Stored items from a collection
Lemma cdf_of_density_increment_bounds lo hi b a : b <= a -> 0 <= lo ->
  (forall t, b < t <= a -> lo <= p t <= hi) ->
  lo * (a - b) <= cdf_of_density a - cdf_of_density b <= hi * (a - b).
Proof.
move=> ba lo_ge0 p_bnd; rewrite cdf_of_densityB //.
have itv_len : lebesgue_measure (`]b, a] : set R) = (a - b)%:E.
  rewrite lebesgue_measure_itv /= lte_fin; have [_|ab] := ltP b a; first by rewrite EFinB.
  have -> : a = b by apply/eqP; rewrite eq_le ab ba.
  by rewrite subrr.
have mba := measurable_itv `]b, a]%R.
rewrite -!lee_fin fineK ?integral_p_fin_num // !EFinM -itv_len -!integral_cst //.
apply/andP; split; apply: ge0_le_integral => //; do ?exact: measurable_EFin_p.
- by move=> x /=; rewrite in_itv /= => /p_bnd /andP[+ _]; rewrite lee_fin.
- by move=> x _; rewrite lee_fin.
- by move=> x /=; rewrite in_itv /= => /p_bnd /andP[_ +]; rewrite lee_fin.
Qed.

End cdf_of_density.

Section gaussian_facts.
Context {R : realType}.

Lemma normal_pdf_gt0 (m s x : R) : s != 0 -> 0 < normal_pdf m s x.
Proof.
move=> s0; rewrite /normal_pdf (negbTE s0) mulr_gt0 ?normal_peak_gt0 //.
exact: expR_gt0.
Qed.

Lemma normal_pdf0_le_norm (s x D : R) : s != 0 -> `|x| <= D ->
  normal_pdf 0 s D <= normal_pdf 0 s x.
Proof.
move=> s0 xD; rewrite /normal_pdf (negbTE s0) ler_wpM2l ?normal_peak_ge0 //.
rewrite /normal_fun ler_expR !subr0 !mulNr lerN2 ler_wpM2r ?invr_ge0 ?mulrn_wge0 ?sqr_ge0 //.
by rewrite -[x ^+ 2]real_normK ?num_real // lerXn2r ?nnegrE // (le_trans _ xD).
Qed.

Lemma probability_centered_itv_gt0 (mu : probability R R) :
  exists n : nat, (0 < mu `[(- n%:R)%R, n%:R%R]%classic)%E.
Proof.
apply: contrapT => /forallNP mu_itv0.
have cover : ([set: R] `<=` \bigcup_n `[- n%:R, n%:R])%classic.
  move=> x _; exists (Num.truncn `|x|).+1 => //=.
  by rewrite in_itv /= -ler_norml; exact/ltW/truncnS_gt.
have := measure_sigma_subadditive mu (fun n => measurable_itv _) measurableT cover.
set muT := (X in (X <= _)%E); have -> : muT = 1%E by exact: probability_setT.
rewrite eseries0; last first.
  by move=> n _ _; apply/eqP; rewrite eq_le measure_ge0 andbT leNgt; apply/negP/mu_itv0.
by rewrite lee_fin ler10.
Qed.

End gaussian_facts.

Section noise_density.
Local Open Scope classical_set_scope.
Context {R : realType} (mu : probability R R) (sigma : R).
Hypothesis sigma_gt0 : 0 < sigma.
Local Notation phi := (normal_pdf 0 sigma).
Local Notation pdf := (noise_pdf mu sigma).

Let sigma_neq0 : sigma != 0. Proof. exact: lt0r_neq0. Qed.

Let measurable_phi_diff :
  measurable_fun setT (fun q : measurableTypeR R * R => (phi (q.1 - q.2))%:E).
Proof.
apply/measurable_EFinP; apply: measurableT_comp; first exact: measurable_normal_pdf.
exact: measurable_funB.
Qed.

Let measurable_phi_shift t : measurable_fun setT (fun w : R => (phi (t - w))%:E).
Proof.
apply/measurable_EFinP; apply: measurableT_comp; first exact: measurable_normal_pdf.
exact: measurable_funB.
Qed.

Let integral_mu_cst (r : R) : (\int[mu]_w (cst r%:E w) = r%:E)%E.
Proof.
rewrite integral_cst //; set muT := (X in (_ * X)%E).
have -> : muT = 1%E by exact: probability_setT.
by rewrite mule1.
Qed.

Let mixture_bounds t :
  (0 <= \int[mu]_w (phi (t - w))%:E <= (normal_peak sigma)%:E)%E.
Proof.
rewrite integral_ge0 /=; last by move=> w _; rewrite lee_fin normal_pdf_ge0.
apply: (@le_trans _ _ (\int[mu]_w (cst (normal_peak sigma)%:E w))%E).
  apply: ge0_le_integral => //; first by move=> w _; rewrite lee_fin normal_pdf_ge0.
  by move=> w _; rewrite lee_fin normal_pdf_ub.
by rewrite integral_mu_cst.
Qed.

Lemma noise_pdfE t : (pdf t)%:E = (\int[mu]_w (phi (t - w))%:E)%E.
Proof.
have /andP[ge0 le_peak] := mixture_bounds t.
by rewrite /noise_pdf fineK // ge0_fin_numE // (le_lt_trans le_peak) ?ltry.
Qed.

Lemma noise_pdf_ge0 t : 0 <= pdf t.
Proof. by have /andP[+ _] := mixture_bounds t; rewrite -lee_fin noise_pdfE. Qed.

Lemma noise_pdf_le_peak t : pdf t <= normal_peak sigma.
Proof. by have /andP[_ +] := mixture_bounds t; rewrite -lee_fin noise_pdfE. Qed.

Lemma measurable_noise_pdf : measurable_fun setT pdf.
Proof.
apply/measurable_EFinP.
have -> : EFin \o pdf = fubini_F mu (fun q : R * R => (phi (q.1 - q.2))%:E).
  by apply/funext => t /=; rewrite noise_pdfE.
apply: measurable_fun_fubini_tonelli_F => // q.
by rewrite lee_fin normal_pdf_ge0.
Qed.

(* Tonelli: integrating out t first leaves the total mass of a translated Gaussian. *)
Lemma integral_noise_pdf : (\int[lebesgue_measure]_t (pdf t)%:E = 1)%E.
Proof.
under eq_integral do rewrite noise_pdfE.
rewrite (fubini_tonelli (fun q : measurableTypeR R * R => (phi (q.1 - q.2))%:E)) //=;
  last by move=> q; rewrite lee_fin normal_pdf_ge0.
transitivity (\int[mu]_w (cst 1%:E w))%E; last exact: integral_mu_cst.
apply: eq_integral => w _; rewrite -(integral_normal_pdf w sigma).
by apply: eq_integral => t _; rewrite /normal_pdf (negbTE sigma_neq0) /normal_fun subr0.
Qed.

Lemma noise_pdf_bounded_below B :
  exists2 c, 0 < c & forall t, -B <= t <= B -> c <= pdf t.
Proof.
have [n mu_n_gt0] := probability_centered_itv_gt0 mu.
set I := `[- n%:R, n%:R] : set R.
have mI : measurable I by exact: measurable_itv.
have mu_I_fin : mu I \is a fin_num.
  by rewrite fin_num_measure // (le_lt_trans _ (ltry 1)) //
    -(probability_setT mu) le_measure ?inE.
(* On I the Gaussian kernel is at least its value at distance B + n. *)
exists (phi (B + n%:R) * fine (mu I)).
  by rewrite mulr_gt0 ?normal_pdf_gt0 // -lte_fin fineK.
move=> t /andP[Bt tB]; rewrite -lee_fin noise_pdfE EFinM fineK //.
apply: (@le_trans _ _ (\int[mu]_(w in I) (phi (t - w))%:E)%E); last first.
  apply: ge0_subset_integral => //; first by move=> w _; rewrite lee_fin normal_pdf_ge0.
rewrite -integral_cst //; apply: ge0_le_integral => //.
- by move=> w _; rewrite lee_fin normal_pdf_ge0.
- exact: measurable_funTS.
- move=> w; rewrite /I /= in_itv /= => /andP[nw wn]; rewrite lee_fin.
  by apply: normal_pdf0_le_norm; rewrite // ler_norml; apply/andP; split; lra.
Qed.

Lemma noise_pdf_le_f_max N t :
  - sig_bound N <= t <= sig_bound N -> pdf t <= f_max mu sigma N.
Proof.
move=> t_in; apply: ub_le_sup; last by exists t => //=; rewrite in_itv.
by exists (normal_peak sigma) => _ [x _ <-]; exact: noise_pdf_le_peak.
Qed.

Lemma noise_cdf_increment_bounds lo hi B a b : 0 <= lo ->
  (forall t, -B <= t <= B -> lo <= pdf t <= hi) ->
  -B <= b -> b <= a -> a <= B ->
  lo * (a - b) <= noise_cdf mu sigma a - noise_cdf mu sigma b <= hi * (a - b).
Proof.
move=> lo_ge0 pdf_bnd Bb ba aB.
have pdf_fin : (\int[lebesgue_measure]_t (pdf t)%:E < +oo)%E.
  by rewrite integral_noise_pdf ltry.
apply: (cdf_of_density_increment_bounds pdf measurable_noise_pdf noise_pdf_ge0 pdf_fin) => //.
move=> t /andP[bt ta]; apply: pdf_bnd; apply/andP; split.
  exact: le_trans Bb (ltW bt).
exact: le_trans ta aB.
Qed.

--

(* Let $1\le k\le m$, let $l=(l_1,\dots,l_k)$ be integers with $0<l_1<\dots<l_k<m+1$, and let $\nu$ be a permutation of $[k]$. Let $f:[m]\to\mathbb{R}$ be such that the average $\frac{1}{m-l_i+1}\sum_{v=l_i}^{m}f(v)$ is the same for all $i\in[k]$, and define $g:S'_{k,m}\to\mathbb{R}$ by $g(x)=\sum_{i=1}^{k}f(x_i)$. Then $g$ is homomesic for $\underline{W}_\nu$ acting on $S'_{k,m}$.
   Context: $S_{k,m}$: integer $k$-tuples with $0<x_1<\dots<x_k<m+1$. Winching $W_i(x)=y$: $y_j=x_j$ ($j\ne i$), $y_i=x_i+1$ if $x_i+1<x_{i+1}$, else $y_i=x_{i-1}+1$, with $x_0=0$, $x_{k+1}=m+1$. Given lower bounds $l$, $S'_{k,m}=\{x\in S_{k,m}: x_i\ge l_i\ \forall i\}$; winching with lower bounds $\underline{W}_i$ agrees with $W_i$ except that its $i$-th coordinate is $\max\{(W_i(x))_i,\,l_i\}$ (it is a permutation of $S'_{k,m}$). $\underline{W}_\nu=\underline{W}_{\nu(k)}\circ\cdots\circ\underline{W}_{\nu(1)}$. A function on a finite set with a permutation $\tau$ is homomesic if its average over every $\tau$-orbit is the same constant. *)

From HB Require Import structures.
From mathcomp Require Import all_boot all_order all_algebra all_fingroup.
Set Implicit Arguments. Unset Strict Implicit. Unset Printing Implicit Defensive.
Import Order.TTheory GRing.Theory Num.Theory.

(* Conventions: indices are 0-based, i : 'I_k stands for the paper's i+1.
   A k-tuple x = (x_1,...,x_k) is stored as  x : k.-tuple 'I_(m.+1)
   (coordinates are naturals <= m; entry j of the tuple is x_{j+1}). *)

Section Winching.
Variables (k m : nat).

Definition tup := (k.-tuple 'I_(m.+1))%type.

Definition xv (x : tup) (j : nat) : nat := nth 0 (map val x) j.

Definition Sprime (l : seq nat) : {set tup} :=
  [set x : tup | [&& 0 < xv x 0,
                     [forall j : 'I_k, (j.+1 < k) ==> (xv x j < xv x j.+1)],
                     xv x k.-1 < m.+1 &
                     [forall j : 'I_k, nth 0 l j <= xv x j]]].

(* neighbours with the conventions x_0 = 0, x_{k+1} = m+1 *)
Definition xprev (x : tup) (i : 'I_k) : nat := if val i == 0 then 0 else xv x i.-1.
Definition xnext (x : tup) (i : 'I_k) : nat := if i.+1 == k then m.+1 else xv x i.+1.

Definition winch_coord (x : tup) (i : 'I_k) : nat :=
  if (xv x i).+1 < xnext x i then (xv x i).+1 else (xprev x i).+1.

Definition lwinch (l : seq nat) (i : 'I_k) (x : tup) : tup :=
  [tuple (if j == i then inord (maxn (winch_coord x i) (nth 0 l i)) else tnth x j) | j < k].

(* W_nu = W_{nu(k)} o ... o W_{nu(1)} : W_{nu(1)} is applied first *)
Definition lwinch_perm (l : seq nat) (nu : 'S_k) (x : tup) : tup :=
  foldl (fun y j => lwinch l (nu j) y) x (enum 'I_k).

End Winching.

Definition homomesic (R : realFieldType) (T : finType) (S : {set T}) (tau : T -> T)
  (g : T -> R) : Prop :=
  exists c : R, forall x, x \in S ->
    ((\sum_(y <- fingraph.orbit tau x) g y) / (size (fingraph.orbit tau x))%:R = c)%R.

==

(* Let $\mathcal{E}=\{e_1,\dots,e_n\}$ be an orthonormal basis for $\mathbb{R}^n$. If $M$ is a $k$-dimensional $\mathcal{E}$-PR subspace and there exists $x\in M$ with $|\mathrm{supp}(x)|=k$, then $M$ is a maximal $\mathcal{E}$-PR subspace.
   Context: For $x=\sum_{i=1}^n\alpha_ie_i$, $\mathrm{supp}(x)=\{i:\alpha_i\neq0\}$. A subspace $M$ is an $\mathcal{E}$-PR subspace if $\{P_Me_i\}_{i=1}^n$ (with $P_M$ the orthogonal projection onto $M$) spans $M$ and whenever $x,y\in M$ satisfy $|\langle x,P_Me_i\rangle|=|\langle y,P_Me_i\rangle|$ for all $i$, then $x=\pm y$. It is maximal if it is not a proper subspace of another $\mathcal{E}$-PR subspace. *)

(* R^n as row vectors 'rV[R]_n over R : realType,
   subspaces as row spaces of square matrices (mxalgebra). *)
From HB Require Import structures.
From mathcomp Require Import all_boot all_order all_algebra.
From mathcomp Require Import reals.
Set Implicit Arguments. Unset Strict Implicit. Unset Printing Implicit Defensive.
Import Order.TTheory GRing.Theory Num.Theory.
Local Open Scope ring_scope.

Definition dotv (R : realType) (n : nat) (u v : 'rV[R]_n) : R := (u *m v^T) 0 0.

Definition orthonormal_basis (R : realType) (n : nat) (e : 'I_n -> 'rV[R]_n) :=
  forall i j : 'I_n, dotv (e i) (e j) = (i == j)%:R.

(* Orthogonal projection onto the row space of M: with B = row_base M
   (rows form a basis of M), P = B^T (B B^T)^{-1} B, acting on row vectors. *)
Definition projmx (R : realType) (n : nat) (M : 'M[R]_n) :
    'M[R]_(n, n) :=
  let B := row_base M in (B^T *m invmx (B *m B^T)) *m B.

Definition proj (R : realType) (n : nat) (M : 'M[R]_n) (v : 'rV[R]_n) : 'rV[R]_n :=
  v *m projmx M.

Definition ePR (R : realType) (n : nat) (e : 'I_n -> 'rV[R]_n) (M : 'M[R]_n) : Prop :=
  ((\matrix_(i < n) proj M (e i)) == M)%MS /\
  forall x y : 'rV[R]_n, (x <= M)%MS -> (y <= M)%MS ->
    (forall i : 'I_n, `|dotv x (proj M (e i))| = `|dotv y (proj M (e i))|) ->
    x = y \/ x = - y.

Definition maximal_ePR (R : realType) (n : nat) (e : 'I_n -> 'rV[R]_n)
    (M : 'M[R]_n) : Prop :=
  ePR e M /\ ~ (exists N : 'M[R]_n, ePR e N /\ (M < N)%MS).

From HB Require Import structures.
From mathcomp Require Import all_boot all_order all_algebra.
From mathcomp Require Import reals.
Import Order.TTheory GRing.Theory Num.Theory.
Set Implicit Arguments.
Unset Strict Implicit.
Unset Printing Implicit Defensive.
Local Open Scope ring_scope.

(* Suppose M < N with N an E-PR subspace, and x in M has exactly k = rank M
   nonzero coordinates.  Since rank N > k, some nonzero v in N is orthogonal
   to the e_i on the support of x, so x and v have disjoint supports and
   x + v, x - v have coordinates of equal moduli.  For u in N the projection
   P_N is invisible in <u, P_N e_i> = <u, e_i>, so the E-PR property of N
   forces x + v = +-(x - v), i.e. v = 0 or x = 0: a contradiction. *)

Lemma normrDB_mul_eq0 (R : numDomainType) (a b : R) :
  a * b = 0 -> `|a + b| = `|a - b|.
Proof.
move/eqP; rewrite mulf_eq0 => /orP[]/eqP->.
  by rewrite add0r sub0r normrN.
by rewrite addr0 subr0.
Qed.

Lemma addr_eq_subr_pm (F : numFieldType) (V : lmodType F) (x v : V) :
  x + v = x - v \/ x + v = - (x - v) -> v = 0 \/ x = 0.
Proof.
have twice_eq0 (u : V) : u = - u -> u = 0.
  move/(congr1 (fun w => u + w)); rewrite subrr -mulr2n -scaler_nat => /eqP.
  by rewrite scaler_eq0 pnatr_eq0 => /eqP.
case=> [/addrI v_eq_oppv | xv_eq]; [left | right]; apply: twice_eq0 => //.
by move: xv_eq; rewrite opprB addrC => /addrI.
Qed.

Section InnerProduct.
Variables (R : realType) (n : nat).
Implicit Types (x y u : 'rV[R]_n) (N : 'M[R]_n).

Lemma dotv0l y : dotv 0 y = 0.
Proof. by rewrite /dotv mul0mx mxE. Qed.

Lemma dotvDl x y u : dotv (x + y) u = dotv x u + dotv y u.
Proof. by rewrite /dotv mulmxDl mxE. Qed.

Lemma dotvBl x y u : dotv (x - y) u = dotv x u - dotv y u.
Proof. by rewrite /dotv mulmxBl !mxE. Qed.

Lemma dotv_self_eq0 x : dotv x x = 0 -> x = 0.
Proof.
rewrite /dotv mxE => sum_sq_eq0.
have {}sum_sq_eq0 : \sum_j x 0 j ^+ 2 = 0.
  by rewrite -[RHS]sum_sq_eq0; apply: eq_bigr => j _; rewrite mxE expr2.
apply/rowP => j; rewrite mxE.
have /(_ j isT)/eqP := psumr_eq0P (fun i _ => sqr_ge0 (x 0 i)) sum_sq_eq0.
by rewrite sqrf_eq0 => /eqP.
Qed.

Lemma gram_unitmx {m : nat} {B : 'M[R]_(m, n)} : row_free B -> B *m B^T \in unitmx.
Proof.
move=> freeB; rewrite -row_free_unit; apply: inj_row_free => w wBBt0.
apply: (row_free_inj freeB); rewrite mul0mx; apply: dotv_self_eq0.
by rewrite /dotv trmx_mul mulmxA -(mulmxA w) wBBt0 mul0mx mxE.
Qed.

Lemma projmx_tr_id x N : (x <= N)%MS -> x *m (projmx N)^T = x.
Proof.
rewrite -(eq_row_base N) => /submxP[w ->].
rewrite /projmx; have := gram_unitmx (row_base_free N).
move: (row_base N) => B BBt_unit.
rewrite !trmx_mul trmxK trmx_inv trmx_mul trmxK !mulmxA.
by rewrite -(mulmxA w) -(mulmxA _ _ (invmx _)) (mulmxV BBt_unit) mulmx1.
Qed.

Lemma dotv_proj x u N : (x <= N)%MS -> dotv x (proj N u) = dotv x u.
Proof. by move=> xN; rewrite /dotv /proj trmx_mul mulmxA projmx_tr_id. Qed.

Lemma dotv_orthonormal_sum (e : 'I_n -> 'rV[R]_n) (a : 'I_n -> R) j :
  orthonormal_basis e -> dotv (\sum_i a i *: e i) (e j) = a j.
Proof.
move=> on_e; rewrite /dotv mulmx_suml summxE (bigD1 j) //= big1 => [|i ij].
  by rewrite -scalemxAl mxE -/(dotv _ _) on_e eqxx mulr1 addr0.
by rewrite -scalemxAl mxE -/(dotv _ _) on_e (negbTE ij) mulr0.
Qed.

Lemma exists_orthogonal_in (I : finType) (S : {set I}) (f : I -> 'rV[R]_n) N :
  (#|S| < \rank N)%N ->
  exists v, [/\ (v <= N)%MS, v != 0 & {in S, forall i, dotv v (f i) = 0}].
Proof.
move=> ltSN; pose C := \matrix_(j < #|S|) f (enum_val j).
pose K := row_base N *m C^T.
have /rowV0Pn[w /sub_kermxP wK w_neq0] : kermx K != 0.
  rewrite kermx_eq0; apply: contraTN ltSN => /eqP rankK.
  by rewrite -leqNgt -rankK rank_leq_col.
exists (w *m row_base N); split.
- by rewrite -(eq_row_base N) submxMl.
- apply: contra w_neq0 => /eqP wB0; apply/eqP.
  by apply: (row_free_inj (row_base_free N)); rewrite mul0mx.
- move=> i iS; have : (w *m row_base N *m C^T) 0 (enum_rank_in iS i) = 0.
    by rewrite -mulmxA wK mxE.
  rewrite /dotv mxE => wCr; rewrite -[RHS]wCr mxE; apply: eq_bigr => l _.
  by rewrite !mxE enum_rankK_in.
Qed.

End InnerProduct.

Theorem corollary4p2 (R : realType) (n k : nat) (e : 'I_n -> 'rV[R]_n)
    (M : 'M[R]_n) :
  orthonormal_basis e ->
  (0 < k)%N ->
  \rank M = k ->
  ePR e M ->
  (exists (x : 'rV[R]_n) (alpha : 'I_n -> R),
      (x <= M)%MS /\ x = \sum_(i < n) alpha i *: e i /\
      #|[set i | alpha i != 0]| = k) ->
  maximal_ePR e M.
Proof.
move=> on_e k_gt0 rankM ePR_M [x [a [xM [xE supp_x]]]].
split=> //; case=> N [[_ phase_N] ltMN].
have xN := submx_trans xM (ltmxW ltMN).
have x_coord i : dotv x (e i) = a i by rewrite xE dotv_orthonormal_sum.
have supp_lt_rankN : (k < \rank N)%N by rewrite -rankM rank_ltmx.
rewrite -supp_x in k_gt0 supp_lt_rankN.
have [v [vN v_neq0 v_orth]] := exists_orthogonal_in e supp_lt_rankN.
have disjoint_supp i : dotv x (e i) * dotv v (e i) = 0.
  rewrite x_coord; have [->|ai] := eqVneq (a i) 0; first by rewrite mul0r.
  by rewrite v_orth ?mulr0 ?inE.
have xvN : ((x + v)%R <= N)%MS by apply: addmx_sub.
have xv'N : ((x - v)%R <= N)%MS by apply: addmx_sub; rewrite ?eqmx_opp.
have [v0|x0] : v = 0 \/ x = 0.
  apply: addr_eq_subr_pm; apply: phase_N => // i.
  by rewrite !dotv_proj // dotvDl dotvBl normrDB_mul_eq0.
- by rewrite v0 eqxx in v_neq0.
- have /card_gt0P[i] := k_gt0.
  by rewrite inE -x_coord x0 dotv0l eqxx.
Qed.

YOUR ASSIGNMENT:
Return the number of lines in the data above that include the word "ltSN", and nothing else.

RESULT BELOW:
2